** ABOUT THIS TASK **
In the records below, begin at the line containing "with (@plus R_NormedModule" and end at the line containing "0 <= Rmin b (eta * D) - eta * b <= D."; quote every line in that span exactly, including both boundary lines, and no others.

** DATASET EXTRACT **
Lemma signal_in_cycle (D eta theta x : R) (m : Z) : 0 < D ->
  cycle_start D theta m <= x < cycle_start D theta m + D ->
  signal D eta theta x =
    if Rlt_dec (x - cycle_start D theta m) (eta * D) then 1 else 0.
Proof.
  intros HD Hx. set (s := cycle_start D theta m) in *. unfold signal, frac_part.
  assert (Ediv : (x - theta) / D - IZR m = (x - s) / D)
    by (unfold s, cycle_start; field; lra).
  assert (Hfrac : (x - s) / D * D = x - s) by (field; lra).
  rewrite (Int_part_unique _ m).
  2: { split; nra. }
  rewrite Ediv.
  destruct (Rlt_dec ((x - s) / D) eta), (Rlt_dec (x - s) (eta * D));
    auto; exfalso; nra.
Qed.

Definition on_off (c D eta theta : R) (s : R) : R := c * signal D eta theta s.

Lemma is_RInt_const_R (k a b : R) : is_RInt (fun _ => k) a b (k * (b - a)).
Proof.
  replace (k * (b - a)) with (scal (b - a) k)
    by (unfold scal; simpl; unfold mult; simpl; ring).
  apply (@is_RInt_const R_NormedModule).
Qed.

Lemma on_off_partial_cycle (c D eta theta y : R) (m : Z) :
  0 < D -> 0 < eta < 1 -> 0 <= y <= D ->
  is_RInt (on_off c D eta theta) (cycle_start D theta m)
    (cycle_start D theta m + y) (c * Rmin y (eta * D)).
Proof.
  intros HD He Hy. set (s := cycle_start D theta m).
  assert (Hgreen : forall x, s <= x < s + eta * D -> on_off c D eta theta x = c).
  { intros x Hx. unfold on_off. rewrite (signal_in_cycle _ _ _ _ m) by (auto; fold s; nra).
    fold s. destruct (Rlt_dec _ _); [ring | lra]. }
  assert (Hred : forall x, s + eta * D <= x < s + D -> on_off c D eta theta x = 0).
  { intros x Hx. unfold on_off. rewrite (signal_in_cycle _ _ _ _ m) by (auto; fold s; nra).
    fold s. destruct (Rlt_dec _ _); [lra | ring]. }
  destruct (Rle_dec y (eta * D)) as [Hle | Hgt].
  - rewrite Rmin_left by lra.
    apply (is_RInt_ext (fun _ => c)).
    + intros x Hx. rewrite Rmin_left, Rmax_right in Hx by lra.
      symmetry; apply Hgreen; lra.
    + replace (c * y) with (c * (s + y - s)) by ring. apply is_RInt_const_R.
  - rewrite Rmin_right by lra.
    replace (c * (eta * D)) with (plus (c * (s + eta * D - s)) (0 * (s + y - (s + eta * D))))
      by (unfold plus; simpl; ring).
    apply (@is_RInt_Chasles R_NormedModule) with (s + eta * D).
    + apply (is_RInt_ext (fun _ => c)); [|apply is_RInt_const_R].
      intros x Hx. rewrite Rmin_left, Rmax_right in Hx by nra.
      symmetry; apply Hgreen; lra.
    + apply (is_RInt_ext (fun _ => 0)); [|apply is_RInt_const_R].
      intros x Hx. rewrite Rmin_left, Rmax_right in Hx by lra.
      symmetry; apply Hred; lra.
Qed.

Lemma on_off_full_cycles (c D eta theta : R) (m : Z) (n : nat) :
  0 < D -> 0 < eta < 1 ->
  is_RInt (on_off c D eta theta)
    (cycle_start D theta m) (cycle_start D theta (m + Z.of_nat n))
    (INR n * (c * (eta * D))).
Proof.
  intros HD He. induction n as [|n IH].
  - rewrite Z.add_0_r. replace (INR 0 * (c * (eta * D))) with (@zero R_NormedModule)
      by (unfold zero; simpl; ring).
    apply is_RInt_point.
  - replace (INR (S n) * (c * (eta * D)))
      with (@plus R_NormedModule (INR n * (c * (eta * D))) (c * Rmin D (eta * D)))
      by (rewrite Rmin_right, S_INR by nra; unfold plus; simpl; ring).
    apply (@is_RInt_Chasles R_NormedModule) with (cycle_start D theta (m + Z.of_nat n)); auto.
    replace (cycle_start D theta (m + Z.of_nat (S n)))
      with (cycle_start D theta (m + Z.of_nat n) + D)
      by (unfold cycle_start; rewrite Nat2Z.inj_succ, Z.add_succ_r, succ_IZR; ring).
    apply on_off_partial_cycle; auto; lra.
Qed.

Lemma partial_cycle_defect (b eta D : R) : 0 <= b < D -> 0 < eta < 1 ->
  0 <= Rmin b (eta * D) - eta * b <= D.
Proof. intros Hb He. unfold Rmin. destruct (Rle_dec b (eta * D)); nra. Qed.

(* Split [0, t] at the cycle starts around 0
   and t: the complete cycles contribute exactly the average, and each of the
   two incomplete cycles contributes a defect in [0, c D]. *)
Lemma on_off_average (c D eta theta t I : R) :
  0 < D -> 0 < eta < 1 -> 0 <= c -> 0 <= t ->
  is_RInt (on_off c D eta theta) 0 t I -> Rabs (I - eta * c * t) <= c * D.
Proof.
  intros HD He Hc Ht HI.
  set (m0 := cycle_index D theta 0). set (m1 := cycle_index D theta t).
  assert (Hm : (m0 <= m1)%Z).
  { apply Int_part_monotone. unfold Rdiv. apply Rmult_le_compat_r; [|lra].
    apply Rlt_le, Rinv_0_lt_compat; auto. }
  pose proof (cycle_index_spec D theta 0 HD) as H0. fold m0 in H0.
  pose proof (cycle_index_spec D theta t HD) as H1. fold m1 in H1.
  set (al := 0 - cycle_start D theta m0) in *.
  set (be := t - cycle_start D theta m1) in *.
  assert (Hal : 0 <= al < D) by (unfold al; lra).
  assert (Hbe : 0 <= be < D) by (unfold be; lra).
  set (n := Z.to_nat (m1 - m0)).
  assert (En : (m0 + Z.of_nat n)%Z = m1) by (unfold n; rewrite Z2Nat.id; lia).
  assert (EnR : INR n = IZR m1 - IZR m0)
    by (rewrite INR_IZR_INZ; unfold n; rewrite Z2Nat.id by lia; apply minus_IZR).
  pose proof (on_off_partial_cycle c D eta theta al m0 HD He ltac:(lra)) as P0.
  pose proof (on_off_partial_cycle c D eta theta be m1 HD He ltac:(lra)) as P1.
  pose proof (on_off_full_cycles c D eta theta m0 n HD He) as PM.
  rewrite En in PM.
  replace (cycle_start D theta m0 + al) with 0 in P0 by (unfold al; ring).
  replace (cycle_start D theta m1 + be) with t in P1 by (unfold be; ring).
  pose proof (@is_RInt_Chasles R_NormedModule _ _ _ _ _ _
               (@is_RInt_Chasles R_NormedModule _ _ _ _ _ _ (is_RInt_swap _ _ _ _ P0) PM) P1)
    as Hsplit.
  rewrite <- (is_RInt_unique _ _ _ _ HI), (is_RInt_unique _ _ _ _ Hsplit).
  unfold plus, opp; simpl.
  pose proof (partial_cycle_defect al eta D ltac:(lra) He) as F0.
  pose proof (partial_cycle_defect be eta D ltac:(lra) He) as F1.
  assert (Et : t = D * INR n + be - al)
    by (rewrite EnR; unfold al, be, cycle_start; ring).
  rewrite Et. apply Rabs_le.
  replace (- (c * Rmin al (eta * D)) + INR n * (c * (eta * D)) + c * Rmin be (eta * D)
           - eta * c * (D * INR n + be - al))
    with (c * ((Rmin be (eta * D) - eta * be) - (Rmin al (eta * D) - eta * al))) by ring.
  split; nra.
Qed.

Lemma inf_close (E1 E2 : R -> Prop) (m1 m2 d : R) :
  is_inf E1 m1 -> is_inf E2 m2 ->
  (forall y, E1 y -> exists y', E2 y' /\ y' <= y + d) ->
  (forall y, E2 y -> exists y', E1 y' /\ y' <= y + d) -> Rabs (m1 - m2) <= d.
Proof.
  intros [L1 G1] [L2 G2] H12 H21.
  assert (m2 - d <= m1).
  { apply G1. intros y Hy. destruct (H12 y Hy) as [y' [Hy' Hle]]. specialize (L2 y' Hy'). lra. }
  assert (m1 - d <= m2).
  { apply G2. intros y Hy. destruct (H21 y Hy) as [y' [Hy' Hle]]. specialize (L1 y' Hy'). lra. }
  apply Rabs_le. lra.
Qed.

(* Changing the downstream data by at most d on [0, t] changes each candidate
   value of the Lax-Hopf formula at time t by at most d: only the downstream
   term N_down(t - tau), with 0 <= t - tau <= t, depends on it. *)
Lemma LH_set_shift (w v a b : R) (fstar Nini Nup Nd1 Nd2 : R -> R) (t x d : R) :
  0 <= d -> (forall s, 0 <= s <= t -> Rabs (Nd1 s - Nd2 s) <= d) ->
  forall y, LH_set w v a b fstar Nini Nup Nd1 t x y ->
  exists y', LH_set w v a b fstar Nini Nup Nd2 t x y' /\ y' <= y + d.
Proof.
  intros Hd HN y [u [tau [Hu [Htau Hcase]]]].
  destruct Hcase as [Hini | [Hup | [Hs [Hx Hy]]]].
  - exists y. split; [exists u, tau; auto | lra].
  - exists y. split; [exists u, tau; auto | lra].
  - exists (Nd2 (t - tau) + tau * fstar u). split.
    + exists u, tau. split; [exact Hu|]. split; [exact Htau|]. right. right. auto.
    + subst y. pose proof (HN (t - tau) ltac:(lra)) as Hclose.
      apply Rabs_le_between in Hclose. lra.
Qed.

** THE ANSWER **
      with (@plus R_NormedModule (INR n * (c * (eta * D))) (c * Rmin D (eta * D)))
      by (rewrite Rmin_right, S_INR by nra; unfold plus; simpl; ring).
    apply (@is_RInt_Chasles R_NormedModule) with (cycle_start D theta (m + Z.of_nat n)); auto.
    replace (cycle_start D theta (m + Z.of_nat (S n)))
      with (cycle_start D theta (m + Z.of_nat n) + D)
      by (unfold cycle_start; rewrite Nat2Z.inj_succ, Z.add_succ_r, succ_IZR; ring).
    apply on_off_partial_cycle; auto; lra.
Qed.

Lemma partial_cycle_defect (b eta D : R) : 0 <= b < D -> 0 < eta < 1 ->
  0 <= Rmin b (eta * D) - eta * b <= D.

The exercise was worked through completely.